> _WHAT IS BEING ASKED_: Scan the entries that follow and work out how many lines contain "Section". Give the number and nothing else.

> _INPUT DATA_:
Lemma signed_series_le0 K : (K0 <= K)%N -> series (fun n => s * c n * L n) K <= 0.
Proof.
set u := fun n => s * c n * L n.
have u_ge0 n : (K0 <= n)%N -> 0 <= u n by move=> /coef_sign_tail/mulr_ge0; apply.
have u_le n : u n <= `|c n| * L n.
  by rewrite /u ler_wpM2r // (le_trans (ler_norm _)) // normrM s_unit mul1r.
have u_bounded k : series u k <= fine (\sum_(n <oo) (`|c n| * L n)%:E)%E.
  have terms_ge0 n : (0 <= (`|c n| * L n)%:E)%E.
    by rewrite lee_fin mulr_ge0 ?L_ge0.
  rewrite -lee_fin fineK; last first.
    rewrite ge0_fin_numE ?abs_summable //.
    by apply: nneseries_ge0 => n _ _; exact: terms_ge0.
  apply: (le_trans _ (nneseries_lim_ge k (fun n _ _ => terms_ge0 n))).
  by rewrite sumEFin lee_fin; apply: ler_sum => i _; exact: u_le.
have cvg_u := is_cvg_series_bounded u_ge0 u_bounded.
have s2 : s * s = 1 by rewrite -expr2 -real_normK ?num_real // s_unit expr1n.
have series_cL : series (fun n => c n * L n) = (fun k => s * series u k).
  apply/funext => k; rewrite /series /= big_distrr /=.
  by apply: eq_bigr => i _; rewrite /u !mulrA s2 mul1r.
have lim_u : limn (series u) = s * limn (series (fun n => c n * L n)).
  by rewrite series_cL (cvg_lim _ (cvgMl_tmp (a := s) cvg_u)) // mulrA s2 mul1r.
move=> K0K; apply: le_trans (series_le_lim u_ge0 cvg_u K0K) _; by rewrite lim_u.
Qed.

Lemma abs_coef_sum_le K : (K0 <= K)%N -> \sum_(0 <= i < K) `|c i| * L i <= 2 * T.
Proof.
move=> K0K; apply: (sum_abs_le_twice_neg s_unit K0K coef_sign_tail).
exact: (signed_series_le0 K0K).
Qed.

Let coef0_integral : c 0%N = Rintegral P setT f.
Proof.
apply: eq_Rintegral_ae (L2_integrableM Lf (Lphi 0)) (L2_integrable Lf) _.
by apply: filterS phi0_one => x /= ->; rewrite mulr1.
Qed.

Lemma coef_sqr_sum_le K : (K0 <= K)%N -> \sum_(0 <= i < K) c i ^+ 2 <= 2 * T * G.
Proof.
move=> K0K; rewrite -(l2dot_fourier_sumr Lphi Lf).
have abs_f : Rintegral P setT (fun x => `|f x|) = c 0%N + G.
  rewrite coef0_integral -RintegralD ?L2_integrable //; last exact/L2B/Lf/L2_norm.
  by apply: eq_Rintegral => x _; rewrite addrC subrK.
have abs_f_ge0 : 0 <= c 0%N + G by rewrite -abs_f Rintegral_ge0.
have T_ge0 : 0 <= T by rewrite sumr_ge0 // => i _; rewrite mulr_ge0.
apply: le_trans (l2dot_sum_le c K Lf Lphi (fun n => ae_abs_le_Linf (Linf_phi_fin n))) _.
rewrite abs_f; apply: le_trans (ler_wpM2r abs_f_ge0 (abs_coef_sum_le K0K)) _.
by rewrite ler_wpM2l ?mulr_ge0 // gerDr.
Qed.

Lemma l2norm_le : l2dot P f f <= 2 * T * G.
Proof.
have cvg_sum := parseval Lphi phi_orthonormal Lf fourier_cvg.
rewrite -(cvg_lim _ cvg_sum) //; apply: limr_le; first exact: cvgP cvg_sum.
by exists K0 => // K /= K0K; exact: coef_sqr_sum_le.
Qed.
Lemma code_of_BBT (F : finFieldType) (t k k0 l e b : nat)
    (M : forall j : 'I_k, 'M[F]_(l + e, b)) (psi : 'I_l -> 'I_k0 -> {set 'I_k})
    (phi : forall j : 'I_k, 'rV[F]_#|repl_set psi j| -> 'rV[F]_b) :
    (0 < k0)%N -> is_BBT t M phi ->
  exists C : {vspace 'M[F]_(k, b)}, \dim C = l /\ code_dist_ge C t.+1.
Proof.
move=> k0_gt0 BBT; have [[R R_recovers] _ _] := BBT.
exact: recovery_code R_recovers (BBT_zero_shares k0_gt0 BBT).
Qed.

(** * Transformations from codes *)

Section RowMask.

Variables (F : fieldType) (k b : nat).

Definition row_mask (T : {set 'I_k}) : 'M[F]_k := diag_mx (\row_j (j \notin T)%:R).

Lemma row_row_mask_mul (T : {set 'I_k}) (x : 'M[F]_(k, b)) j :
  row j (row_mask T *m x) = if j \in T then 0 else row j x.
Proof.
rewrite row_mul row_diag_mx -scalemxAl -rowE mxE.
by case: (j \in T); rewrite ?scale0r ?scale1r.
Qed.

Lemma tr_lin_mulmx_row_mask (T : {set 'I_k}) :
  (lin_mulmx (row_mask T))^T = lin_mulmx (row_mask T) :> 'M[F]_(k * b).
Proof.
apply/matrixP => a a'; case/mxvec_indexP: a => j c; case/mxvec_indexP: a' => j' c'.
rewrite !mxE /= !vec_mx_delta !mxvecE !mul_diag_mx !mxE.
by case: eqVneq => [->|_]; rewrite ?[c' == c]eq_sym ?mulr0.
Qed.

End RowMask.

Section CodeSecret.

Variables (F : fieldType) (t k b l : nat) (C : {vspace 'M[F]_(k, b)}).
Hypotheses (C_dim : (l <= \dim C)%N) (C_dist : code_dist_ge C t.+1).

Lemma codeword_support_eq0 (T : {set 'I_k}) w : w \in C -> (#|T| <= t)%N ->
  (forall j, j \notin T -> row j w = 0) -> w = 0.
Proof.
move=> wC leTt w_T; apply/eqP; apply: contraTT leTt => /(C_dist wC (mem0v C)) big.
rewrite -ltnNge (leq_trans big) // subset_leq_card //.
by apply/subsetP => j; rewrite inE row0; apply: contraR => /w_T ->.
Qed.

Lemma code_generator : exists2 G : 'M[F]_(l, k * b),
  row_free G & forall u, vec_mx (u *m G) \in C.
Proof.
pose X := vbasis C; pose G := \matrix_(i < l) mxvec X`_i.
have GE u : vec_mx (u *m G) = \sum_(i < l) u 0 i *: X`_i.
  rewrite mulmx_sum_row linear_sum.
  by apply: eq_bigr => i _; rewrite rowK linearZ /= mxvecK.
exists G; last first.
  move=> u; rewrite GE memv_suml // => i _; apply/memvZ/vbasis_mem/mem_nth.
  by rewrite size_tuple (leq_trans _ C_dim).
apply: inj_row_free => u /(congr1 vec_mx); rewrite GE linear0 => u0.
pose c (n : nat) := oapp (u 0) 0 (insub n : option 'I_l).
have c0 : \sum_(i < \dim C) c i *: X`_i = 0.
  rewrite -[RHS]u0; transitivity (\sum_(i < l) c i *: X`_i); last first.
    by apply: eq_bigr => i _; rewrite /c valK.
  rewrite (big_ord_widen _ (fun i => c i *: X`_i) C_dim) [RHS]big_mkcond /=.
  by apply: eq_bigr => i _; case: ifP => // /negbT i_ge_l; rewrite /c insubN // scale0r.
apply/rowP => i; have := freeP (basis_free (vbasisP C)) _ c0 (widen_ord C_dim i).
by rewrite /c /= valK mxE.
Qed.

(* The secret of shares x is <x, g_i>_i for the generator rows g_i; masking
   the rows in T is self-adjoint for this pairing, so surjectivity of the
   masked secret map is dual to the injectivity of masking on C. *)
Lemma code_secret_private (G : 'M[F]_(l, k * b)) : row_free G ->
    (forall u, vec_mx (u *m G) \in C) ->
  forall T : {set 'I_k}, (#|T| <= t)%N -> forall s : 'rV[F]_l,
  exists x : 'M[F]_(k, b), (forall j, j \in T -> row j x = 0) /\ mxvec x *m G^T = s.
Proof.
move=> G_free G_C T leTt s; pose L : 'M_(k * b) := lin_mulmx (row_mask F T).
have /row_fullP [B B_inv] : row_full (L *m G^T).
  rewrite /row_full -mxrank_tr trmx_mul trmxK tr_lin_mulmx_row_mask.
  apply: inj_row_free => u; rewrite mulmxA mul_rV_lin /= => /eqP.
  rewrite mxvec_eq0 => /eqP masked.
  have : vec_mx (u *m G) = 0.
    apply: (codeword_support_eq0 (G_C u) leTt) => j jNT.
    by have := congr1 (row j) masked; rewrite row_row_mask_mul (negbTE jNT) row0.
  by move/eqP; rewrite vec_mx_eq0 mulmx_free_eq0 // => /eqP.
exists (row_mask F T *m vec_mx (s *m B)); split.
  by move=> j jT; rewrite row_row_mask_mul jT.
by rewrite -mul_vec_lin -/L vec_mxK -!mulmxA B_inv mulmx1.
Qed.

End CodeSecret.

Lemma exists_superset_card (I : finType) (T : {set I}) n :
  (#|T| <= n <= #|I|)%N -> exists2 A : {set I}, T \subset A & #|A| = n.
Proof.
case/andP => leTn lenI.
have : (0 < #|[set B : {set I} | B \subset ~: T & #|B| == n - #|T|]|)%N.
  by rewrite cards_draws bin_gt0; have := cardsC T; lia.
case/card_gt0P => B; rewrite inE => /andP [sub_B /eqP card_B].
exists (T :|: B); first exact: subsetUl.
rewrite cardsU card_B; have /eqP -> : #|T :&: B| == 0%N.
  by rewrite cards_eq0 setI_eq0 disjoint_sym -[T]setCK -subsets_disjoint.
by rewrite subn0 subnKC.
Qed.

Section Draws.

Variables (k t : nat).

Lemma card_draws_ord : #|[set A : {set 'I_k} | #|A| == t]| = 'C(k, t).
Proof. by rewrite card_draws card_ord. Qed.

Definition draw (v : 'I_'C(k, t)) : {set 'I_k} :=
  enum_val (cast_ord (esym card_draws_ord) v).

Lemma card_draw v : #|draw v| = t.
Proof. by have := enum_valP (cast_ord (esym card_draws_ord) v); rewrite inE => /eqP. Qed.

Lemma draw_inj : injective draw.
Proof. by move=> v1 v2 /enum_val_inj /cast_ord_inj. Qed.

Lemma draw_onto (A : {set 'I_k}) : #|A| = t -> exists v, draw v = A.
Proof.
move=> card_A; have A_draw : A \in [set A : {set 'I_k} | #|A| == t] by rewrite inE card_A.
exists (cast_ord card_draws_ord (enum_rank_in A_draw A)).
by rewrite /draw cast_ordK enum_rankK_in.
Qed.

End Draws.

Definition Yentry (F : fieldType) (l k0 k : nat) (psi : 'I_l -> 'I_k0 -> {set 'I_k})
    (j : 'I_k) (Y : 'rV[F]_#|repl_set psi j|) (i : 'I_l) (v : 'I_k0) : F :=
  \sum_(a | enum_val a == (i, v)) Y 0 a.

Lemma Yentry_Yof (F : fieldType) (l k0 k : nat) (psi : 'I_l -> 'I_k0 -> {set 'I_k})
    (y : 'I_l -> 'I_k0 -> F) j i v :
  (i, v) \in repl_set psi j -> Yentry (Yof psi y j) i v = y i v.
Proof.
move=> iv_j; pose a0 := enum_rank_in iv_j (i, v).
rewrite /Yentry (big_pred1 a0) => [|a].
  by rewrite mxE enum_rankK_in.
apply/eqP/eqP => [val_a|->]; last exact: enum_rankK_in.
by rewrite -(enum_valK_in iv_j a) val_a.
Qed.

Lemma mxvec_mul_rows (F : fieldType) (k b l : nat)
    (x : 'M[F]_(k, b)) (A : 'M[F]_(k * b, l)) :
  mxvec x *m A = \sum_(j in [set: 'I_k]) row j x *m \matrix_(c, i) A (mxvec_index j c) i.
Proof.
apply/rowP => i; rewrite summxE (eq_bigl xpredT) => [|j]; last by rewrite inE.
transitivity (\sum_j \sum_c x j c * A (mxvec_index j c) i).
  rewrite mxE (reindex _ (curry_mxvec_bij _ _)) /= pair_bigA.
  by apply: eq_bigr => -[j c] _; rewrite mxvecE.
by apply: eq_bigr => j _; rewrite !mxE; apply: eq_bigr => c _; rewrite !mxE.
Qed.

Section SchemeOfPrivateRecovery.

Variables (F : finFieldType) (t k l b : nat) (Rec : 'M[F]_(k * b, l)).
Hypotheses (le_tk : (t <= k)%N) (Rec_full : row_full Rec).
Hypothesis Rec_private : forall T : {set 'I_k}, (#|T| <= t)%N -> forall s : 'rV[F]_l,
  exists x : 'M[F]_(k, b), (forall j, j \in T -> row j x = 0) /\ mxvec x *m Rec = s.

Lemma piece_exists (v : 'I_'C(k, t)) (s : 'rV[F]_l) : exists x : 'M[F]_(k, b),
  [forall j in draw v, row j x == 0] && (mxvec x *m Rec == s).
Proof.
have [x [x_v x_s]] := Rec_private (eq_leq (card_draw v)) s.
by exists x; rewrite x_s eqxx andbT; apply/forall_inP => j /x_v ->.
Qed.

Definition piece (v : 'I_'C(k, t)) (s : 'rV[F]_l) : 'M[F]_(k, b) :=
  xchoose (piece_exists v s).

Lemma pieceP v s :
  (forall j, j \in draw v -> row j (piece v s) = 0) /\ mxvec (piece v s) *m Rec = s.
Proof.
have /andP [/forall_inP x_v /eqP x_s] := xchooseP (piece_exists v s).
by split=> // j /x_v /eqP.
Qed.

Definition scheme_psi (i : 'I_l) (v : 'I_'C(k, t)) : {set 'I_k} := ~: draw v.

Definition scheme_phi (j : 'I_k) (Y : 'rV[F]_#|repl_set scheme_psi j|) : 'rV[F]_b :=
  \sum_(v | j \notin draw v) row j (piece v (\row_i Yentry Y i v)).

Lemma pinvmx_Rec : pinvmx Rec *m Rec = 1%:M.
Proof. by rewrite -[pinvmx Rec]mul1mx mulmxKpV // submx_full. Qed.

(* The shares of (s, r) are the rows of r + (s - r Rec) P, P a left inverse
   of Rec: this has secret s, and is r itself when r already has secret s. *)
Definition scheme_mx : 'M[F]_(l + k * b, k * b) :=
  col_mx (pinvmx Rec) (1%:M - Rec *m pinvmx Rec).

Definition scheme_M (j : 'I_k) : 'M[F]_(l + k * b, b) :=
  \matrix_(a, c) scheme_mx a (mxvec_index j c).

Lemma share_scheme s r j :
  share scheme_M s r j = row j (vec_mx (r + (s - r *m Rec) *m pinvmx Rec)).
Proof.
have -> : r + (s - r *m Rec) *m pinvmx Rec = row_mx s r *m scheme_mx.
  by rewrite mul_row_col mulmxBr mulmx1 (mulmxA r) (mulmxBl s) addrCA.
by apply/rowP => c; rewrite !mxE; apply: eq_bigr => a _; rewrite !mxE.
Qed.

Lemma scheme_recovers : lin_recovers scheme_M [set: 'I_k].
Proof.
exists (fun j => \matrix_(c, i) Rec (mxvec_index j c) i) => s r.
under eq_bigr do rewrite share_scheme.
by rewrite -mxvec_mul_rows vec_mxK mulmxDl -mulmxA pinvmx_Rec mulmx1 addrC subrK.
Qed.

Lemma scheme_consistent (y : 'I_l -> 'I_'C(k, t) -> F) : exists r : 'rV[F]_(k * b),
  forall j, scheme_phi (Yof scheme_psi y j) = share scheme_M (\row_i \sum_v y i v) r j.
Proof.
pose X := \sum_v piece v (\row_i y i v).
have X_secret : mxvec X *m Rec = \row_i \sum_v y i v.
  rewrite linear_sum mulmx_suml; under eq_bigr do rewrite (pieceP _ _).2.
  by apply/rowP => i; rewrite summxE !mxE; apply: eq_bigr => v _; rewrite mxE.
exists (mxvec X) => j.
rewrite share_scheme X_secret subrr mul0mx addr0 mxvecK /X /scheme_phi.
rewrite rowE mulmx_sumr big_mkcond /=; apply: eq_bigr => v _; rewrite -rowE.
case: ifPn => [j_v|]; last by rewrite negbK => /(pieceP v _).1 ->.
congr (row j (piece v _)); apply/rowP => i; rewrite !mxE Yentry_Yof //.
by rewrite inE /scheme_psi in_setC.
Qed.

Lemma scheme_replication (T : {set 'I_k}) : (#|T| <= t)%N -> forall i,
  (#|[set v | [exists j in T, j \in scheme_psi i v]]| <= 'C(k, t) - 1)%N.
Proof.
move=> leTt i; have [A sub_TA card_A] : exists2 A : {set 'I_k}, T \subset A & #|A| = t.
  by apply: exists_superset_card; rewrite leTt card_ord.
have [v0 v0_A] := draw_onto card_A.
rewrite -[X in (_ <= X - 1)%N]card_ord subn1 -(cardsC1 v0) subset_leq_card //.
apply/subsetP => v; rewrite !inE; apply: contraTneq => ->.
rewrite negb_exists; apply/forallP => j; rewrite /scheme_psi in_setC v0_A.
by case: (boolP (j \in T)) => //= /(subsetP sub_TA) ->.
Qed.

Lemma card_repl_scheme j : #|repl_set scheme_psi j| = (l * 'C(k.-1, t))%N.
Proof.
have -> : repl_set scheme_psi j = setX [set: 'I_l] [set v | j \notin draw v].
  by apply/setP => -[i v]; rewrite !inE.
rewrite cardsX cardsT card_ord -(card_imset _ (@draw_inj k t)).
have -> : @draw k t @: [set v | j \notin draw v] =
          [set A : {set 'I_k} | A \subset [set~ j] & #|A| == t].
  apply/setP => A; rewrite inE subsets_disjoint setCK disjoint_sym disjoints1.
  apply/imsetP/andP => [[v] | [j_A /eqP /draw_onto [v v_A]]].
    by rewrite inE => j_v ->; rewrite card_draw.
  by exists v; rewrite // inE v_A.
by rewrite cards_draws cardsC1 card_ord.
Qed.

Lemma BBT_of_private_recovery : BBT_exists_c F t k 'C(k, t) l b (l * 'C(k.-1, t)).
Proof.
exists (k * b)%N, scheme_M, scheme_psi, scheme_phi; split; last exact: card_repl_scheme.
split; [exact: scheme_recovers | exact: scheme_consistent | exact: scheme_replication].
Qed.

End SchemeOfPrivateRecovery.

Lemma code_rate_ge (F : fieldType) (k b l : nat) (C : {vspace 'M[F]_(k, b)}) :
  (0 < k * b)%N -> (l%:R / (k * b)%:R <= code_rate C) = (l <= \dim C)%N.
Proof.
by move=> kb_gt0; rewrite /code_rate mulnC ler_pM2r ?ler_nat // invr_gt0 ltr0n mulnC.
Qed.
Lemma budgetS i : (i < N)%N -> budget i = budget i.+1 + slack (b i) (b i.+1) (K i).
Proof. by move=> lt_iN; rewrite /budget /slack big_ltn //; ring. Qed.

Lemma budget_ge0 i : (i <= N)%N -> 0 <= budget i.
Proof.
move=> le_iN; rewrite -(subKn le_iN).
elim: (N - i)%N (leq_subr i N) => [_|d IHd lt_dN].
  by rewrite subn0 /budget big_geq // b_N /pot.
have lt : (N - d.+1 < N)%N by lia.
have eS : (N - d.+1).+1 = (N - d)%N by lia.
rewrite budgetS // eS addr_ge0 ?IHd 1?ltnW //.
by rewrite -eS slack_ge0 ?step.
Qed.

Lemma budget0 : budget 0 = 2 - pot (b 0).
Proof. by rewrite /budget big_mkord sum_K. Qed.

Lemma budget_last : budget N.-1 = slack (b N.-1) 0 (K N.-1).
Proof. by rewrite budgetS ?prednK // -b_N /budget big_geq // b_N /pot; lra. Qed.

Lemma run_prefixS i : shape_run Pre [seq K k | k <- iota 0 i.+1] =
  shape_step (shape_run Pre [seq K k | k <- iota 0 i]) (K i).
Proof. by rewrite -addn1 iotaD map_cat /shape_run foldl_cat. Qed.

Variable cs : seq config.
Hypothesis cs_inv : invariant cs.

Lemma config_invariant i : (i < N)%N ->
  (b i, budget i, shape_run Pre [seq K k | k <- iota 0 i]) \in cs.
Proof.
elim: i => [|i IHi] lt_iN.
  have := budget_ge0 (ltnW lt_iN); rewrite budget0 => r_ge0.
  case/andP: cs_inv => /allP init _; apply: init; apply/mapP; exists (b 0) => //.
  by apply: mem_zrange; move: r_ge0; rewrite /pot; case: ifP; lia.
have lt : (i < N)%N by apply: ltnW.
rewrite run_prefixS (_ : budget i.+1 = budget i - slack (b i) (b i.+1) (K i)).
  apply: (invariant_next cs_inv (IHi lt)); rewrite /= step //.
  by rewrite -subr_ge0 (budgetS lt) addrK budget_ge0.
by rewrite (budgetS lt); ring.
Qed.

> _ANSWER TO THIS PROBLEM_: 4